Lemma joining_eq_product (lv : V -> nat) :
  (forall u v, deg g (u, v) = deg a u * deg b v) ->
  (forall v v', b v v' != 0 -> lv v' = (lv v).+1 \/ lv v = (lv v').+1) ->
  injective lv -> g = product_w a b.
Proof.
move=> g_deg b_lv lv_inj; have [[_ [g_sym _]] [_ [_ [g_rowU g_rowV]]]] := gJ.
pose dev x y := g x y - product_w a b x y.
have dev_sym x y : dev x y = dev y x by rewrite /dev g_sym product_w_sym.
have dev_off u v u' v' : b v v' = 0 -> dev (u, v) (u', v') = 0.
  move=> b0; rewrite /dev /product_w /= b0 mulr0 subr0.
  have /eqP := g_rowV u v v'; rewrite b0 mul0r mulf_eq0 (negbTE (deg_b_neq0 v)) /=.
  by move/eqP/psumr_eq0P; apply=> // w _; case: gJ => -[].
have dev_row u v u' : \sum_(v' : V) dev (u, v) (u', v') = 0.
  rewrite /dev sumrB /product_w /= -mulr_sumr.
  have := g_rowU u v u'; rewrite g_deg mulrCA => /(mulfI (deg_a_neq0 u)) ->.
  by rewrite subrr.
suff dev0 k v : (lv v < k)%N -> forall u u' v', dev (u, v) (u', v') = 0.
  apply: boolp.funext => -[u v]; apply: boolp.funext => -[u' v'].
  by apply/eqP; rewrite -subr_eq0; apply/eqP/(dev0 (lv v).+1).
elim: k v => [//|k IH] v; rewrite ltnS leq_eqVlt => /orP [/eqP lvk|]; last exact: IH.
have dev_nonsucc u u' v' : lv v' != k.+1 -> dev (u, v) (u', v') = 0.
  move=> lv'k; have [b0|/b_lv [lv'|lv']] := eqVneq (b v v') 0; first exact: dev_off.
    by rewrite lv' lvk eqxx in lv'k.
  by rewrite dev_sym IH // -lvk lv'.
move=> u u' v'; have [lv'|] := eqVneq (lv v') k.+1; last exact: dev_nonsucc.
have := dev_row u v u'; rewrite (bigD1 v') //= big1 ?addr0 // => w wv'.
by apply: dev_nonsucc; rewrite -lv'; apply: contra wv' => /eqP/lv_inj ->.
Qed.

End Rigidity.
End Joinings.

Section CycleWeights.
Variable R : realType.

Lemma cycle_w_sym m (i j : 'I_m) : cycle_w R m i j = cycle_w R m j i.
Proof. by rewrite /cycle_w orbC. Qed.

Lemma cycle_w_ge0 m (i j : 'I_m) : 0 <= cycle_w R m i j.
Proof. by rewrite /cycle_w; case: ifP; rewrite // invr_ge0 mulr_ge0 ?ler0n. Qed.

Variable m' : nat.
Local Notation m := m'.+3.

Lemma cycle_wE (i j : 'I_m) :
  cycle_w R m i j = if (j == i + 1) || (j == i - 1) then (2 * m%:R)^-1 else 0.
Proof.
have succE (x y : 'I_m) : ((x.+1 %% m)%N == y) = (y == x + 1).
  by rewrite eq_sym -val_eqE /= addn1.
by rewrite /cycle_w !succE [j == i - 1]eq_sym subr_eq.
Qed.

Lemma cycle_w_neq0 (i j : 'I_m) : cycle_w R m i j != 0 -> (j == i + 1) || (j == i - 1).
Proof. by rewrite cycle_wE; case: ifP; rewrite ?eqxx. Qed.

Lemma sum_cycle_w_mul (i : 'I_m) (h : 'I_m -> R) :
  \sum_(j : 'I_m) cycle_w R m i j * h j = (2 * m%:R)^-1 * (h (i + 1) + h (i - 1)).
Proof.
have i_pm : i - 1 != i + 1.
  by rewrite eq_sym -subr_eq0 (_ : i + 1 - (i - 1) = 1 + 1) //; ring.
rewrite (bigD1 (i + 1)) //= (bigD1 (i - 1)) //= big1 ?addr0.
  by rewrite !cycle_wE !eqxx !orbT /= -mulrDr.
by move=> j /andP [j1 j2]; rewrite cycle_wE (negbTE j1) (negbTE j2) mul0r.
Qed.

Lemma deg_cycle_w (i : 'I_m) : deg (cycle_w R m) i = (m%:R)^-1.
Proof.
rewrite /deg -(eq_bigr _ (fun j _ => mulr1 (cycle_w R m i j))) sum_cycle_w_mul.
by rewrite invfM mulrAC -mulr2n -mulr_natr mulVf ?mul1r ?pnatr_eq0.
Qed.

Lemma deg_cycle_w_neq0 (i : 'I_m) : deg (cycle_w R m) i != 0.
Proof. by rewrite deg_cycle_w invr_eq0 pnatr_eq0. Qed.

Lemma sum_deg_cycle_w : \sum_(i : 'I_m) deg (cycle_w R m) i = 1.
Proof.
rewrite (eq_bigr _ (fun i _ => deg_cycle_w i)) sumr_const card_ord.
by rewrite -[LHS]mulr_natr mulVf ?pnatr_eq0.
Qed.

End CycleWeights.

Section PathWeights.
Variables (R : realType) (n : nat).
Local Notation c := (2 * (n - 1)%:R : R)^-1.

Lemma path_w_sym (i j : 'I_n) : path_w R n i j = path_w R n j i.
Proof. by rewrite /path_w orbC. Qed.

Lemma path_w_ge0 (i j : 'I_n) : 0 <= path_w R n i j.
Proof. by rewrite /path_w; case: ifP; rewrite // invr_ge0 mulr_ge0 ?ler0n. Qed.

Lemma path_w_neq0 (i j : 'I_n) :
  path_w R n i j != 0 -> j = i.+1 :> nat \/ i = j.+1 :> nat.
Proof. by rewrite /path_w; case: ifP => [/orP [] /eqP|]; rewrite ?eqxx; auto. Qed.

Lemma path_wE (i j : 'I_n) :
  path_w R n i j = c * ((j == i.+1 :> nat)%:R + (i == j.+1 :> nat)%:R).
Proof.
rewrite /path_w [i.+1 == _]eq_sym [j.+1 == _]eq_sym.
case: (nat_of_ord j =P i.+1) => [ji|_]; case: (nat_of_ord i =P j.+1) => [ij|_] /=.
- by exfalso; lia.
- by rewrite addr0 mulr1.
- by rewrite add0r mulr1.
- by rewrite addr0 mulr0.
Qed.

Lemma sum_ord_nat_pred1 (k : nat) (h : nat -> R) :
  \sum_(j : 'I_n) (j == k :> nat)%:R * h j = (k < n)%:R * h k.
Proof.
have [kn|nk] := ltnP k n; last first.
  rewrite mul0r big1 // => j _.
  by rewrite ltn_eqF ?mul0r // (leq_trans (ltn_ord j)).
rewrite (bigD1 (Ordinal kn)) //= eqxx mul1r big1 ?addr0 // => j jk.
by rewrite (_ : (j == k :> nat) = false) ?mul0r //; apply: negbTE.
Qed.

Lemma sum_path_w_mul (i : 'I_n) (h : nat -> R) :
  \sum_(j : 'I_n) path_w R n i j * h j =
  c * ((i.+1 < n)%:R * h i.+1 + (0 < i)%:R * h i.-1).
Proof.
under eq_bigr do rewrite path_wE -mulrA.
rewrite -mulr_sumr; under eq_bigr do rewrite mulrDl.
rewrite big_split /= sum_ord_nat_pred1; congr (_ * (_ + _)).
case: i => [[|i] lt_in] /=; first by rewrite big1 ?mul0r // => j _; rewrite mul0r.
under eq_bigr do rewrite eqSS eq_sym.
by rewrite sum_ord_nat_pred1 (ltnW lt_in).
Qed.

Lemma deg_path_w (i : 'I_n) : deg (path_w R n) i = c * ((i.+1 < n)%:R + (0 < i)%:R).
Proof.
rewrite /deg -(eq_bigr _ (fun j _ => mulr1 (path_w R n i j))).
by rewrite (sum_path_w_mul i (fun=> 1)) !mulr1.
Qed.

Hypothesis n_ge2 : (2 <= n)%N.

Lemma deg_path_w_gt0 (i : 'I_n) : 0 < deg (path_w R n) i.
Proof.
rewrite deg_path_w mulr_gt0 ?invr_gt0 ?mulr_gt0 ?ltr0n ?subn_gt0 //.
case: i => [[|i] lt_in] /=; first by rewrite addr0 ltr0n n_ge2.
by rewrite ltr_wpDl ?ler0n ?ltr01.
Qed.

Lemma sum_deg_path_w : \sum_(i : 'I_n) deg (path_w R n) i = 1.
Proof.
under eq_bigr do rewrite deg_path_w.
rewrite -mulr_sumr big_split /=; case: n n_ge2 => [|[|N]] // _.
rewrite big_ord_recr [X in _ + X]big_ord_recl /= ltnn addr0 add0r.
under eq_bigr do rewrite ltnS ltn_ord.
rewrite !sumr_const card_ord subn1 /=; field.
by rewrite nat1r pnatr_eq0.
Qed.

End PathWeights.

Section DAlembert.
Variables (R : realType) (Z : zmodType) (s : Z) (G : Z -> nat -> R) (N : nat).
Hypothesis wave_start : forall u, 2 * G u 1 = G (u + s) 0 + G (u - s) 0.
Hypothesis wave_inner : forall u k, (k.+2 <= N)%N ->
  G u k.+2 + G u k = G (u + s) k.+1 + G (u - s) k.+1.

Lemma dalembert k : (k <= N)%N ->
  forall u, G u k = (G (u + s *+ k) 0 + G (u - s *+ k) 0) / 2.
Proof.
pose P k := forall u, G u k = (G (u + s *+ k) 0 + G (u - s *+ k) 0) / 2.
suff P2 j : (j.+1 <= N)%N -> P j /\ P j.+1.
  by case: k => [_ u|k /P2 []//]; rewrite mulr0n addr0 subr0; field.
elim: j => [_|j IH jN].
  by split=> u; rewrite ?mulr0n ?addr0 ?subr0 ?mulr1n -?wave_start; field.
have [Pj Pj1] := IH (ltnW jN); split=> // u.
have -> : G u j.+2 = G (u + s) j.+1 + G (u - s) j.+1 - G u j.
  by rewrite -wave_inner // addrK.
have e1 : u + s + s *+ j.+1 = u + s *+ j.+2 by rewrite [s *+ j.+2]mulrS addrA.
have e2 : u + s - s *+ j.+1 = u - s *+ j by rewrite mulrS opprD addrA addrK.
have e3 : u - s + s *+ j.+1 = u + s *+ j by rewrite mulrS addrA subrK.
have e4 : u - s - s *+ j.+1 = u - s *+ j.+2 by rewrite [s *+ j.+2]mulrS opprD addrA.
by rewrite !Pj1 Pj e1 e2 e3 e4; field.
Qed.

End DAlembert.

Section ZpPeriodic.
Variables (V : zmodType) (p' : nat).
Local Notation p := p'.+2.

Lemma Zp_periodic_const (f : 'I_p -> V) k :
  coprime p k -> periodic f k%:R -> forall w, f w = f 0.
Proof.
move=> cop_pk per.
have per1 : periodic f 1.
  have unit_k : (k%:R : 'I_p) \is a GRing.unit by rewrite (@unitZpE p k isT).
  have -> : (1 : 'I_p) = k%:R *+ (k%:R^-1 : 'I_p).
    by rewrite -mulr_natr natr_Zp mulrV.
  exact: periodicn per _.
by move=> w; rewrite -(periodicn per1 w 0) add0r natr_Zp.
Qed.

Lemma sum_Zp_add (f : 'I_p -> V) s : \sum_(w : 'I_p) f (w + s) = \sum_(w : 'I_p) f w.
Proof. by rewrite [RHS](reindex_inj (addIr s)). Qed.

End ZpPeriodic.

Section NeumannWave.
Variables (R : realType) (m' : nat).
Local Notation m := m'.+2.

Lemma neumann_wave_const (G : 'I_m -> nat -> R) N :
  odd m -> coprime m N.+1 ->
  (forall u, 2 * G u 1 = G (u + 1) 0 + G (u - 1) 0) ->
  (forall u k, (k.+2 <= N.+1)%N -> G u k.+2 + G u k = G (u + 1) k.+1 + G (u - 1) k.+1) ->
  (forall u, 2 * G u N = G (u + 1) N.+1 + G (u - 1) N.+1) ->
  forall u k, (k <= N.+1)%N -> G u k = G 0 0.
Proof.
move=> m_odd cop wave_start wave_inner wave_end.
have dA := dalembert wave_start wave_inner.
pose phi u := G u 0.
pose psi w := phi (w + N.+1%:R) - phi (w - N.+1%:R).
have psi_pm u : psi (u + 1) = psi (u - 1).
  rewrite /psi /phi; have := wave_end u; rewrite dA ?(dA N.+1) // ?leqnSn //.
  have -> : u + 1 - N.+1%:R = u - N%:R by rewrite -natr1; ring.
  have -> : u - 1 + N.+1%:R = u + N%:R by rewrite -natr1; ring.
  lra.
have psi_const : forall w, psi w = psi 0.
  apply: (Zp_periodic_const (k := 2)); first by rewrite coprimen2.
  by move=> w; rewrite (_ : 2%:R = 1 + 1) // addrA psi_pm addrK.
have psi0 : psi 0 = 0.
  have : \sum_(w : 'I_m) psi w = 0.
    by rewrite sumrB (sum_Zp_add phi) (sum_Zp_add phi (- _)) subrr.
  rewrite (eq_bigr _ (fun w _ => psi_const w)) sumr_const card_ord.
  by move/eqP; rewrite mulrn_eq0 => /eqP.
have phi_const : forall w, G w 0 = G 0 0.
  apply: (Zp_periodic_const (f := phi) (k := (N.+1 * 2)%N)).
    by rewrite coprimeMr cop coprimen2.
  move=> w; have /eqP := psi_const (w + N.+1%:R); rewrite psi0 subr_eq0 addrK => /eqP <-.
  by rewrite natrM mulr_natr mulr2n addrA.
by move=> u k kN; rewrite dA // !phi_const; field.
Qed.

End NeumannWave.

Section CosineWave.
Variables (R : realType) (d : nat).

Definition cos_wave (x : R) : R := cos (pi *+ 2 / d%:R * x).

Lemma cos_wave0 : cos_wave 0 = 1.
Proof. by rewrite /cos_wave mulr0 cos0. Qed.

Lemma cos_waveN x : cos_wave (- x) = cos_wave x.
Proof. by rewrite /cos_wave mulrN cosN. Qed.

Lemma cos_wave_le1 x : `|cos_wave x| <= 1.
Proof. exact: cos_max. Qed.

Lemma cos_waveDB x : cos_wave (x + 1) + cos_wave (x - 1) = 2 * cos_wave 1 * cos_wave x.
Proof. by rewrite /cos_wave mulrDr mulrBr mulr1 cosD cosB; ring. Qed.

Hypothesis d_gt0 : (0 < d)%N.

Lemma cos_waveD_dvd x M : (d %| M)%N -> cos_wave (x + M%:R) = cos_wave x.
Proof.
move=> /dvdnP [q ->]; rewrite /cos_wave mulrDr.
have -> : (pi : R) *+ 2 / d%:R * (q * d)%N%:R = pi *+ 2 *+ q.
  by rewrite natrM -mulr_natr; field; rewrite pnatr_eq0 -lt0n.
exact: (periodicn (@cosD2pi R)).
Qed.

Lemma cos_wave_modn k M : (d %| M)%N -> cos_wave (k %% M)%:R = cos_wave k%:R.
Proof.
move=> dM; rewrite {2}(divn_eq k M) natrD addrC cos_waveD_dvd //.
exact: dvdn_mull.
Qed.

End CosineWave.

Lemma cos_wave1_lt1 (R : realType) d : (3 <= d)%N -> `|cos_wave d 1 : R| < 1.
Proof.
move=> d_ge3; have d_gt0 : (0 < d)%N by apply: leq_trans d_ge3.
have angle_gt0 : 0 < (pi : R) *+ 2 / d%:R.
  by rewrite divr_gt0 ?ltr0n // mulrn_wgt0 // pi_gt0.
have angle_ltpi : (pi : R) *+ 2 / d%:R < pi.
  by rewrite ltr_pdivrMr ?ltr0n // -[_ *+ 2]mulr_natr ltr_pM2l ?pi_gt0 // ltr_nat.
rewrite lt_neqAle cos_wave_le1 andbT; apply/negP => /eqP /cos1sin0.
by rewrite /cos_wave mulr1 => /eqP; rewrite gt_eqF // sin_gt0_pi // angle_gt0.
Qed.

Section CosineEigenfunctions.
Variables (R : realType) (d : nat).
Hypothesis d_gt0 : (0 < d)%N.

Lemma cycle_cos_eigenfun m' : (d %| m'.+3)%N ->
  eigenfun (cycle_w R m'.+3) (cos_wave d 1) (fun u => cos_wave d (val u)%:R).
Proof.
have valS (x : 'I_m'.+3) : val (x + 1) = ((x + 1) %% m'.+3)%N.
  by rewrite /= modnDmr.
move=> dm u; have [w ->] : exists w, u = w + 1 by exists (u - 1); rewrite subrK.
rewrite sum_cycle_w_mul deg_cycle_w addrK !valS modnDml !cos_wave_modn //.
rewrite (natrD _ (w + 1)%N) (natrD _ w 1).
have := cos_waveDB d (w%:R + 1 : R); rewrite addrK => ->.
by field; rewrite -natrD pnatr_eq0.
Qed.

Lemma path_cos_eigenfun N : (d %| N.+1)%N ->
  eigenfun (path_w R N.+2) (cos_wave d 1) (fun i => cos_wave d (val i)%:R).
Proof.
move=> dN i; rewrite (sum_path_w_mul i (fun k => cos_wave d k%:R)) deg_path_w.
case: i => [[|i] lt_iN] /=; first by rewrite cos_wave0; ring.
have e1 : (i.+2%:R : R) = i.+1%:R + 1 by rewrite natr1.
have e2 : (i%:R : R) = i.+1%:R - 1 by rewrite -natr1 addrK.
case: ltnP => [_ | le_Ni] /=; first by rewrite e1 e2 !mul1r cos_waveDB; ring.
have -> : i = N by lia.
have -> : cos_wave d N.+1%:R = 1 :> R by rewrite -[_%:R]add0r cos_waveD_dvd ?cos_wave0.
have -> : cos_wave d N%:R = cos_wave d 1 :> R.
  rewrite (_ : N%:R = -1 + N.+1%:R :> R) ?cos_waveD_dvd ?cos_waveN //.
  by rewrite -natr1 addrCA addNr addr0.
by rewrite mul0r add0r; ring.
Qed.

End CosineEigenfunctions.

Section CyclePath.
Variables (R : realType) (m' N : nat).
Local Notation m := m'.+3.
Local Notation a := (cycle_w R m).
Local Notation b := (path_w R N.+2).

☆ ☆ ☆

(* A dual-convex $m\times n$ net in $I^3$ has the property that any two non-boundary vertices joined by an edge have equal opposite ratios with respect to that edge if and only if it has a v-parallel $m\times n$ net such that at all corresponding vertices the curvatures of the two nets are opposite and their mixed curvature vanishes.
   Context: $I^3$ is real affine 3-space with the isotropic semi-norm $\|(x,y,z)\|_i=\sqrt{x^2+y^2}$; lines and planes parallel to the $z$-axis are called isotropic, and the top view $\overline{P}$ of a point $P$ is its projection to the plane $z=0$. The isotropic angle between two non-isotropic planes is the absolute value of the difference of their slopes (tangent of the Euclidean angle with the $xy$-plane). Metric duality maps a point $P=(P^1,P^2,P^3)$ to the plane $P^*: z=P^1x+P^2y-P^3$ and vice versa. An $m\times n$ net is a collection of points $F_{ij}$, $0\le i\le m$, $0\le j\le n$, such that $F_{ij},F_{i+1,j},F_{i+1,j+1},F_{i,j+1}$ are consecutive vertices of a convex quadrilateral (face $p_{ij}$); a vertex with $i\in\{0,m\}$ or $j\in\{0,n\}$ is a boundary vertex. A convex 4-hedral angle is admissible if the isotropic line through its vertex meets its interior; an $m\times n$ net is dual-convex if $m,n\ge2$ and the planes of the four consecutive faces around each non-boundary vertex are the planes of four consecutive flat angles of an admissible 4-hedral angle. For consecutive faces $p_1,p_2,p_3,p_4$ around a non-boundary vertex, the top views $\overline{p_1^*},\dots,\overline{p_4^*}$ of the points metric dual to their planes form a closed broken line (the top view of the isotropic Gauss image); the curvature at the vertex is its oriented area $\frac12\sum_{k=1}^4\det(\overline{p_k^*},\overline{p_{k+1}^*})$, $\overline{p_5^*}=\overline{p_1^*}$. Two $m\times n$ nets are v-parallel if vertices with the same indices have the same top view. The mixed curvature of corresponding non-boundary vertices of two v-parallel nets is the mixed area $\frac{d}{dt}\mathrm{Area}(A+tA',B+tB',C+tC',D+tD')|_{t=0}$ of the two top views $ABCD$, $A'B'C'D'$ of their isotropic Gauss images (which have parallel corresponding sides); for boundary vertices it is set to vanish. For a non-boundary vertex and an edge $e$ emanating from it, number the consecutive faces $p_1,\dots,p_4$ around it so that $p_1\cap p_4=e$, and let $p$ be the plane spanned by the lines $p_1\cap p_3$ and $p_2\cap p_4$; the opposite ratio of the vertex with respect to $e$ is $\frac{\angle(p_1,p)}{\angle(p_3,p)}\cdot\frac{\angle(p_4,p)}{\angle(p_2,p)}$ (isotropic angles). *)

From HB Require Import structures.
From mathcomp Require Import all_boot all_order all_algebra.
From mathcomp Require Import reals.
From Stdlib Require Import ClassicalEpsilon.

☆ ☆ ☆

» Task instructions
The required output is the stretch of entries above from the line containing "Proof. by rewrite /cos_wave mulrDr" through the line containing "by rewrite ltr_pdivrMr", reproduced exactly.

» Worked solution
Proof. by rewrite /cos_wave mulrDr mulrBr mulr1 cosD cosB; ring. Qed.

Hypothesis d_gt0 : (0 < d)%N.

Lemma cos_waveD_dvd x M : (d %| M)%N -> cos_wave (x + M%:R) = cos_wave x.
Proof.
move=> /dvdnP [q ->]; rewrite /cos_wave mulrDr.
have -> : (pi : R) *+ 2 / d%:R * (q * d)%N%:R = pi *+ 2 *+ q.
  by rewrite natrM -mulr_natr; field; rewrite pnatr_eq0 -lt0n.
exact: (periodicn (@cosD2pi R)).
Qed.

Lemma cos_wave_modn k M : (d %| M)%N -> cos_wave (k %% M)%:R = cos_wave k%:R.
Proof.
move=> dM; rewrite {2}(divn_eq k M) natrD addrC cos_waveD_dvd //.
exact: dvdn_mull.
Qed.

End CosineWave.

Lemma cos_wave1_lt1 (R : realType) d : (3 <= d)%N -> `|cos_wave d 1 : R| < 1.
Proof.
move=> d_ge3; have d_gt0 : (0 < d)%N by apply: leq_trans d_ge3.
have angle_gt0 : 0 < (pi : R) *+ 2 / d%:R.
  by rewrite divr_gt0 ?ltr0n // mulrn_wgt0 // pi_gt0.
have angle_ltpi : (pi : R) *+ 2 / d%:R < pi.
  by rewrite ltr_pdivrMr ?ltr0n // -[_ *+ 2]mulr_natr ltr_pM2l ?pi_gt0 // ltr_nat.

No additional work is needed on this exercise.